Curioso qué tan antigua es (desde el principio) la costumbre de utilizar un nombre que no corresponde al género del texto, para hacer la gracia: Diarios para un poemario, Ensayo de... para una novela, Cartas a... para un ensayo, Monólogo de... para una obra teatral que es diálogo entre dos personajes. La leche.
Después del potente banco indígena llegó la cabeza indígena del Ayuntamiento, en las Muestras para creadores, cuando estaba de moda a finales de los 90 el uso de la palabrota talento, al nivel en que ahora se utilizan emprendedor o escritor joven. Siempre participaba por duplicado, en relato y poesía, y siempre me olvidaba de saber cuál era el resultado meses después.
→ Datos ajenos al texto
Lemma Miter2_iff x : Miter (pred1 k) 2 x <-> M2 x.
Proof.
apply: (@Pset_iff_kernel _ _ M2) => {x} [| x Qx | m y /Miter1_iff Qm Qy | m x /Miter1_iff Qm le_mx notQx].
- by apply/negP => /Miter1_iff; iterates_lia (2 * k).
- by exists k; [apply/Miter1_iff; have := @modn_small k (2 * k) | ]; iterates_lia (2 * k).
- by have := modnD_cases m y k2_gt0; have := @modn_small y (2 * k); iterates_lia (2 * k).
- have x_band0 := @modn_small x (2 * k).
  have x_band1 := @modn_between 1 (2 * k) x.
  case: (ltnP (x %% (2 * k)) k) => [r_lo|r_hi].
  + have y_mod := @modn_small (k + x %% (2 * k)) (2 * k).
    have x_mod := @modnB_cases _ x (k + x %% (2 * k)) k2_gt0.
    by take_option Miter1_iff (k + x %% (2 * k)) (2 * k).
  + have y_mod := @modn_small (2 * k - 1) (2 * k).
    have x_mod := @modnB_cases _ x (2 * k - 1) k2_gt0.
    by take_option Miter1_iff (2 * k - 1) (2 * k).
Qed.

Lemma M3_absorbs_large x : 7 * k <= x + 2 -> x %% (2 * k) != k - 2 ->
  exists m y, [/\ Miter (pred1 k) 2 m, M3 y & m + y = x].
Proof.
move=> x_big r_ne; have [q x_eq] := @modn_quotient_ge 3 (2 * k) x k2_gt0 (ltac:(lia)).
(* lia cannot see that x - x %% (2 * k) is a multiple of 2k; spell out the relevant ones. *)
have x_quot : x = 6 * k + x %% (2 * k) \/ 8 * k + x %% (2 * k) <= x.
  by case: q x_eq => [|q] x_eq; iterates_lia (2 * k).
clear q x_eq.
case: (leqP (x %% (2 * k) + 3) k) => [r_lo|r_k].
  have y_mod := @modn_between 2 (2 * k) (4 * k + x %% (2 * k) + 1).
  have x_mod := @modnB_cases _ x (4 * k + x %% (2 * k) + 1) k2_gt0.
  by take_option Miter2_iff (4 * k + x %% (2 * k) + 1) (2 * k).
case: (leqP (x %% (2 * k) + 2) (2 * k)) => [r_mid|r_hi].
  have y_mod := @modn_small (x %% (2 * k) + 1) (2 * k).
  have x_mod := @modnB_cases _ x (x %% (2 * k) + 1) k2_gt0.
  by take_option Miter2_iff (x %% (2 * k) + 1) (2 * k).
have y_mod := @modn_between 2 (2 * k) (4 * k).
have x_mod := @modnB_cases _ x (4 * k) k2_gt0.
by take_option Miter2_iff (4 * k) (2 * k).
Qed.

Lemma M3_absorbs x : k <= x -> ~ M3 x ->
  exists m y, [/\ Miter (pred1 k) 2 m, M3 y & m + y = x].
Proof.
move=> x_ge_k notQx.
case: (leqP (x + 1) (3 * k)) => [x_lo|x_3k]; first by take_option Miter2_iff k (2 * k).
case: (leqP (x + 2) (4 * k)) => [x_lo|x_4k]; first by take_option Miter2_iff (2 * k - 1) (2 * k).
case: (leqP (x + 2) (6 * k)) => [x_lo|x_6k]; first by take_option Miter2_iff (4 * k - 1) (2 * k).
case: (leqP (x + 3) (7 * k)) => [x_lo|x_7k].
  by take_option Miter2_iff (x - (2 * k - 1)) (2 * k).
by apply: M3_absorbs_large; iterates_lia (2 * k).
Qed.

Lemma Miter3_iff x : Miter (pred1 k) 3 x <-> M3 x.
Proof.
apply: (@Pset_iff_kernel _ _ M3) => {x} [| x Qx | m y /Miter2_iff Qm Qy | m x /Miter2_iff Qm le_mx notQx].
- by apply/negP => /Miter2_iff; iterates_lia (2 * k).
- by exists k; [apply/Miter2_iff | ]; iterates_lia (2 * k).
- have := modnD_cases m y k2_gt0; have := @modn_small m (2 * k); have := @modn_small y (2 * k).
  have := @modn_between 1 (2 * k) y; have := @modn_between 2 (2 * k) y.
  by iterates_lia (2 * k).
- by apply: M3_absorbs => //; iterates_lia (2 * k).
Qed.

Lemma M4_absorbs_large x : 10 * k <= x + 2 ->
  exists m y, [/\ Miter (pred1 k) 3 m, M4 y & m + y = x].
Proof.
move=> x_big; have [q x_eq] := @modn_quotient_ge 4 (2 * k) x k2_gt0 (ltac:(lia)).
have x_quot : x = 8 * k + x %% (2 * k) \/ x = 10 * k + x %% (2 * k) \/
              x = 12 * k + x %% (2 * k) \/ 14 * k + x %% (2 * k) <= x.
  by case: q x_eq => [|[|[|q]]] x_eq; iterates_lia (2 * k).
clear q x_eq.
case: (leqP (2 * k) (x %% (2 * k) + 2)) => [r_hi|r_2k].
  have y_mod := @modn_small (x %% (2 * k) + 2 - k) (2 * k).
  have x_mod := @modnB_cases _ x (x %% (2 * k) + 2 - k) k2_gt0.
  by take_option Miter3_iff (x %% (2 * k) + 2 - k) (2 * k).
case: (leqP (x %% (2 * k) + 3) k) => [r_lo|r_k].
  have y_mod := @modn_small (x %% (2 * k) + k + 2) (2 * k).
  have x_mod := @modnB_cases _ x (x %% (2 * k) + k + 2) k2_gt0.
  by take_option Miter3_iff (x %% (2 * k) + k + 2) (2 * k).
case: (leqP (x %% (2 * k) + 4) (2 * k)) => [r_mid|r_top].
  have y_mod := @modn_between 2 (2 * k) (3 * k + x %% (2 * k) + 2).
  have x_mod := @modnB_cases _ x (3 * k + x %% (2 * k) + 2) k2_gt0.
  by take_option Miter3_iff (3 * k + x %% (2 * k) + 2) (2 * k).
case: (leqP (x + 3) (12 * k)) => [x_lo|x_12k]; first by take_option Miter3_iff (8 * k - 3) (2 * k).
have y_mod := @modn_between 3 (2 * k) (7 * k - 1).
have x_mod := @modnB_cases _ x (7 * k - 1) k2_gt0.
by take_option Miter3_iff (7 * k - 1) (2 * k).
Qed.

Lemma M4_absorbs x : k <= x -> ~ M4 x ->
  exists m y, [/\ Miter (pred1 k) 3 m, M4 y & m + y = x].
Proof.
move=> x_ge_k notQx.
case: (leqP (x + 1) (3 * k)) => [x_lo|x_3k]; first by take_option Miter3_iff k (2 * k).
case: (leqP (x + 2) (4 * k)) => [x_lo|x_4k]; first by take_option Miter3_iff (2 * k - 1) (2 * k).
case: (leqP (x + 2) (6 * k)) => [x_lo|x_6k]; first by take_option Miter3_iff (4 * k - 1) (2 * k).
case: (leqP (x + 3) (7 * k)) => [x_lo|x_7k].
  by take_option Miter3_iff (x - (2 * k - 1)) (2 * k).
case: (leqP (x + 3) (9 * k)) => [x_lo|x_9k]; first by take_option Miter3_iff (7 * k - 2) (2 * k).
case: (leqP (x + 4) (10 * k)) => [x_lo|x_10k].
  by take_option Miter3_iff (x - (2 * k - 1)) (2 * k).
by apply: M4_absorbs_large; iterates_lia (2 * k).
Qed.

Lemma Miter4_iff x : Miter (pred1 k) 4 x <-> M4 x.
Proof.
apply: (@Pset_iff_kernel _ _ M4) => {x} [| x Qx | m y /Miter3_iff Qm Qy | m x /Miter3_iff Qm le_mx notQx].
- by apply/negP => /Miter3_iff; iterates_lia (2 * k).
- by exists k; [apply/Miter3_iff | ]; iterates_lia (2 * k).
- have := @modn_between 3 (2 * k) m; have := @modn_between 4 (2 * k) m.
  by iterates_lia (2 * k).
- by apply: M4_absorbs => //; iterates_lia (2 * k).
Qed.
Los ganadores del apartado letras pasaban sin pena ni gloria por ese concurso, como para acordarse nunca de haber participado.
Quizá sea la excepción menos sospechosa, porque sí gané una edición de esas Muestras al mejor montaje en el apartado de Artes Escénicas. Y la compañía era independiente y todo eso (es decir, cinco mataos sin enchufe alguno con la organización).
Luego llegaron los años 2000, llegó la Diputación, que es de lo más graciosa, un Ayuntamiento de ayuntamientos, unos primeros ediles de pueblos que se agrupan en un Ayuntamiento central bautizado como Diputación, y hacen cosas, tiran la casa por la ventana y organizan unos fiestones increíbles para la Cultura en forma de premios de alto caché (por la pasta que regalan y por las firmas). Inventaron otra serie de citas espectaculares, con el alarde en una categoría "internacional", que siempre es como más importante. Y el otro alarde de colocar en el premio Emilio Prados la etiqueta de "joven escritor", adelantándose a la moda que atufa la segunda década de los 2000, qué buen ojo. Si no recuerdo mal, han tenido que adaptarse a los tiempos, que lo de joven acababa a los 30, con la frontera del carné joven, la libreta joven de los bancos y todo eso, pero ahora es hasta los 35 años.
En esas historias ya pude participar de forma legal (pasados los 18 años reglamentarios) y gasté un pastón en imprimir folios, en grapas, en sobres A3 y en sellos. Y otra vez también (o dos) para el premio de Generación del 27. Ese mismo que hace unos días ganó Manuel Vilas, con una gran comodidad por lo que se lee aquí, fácil todo.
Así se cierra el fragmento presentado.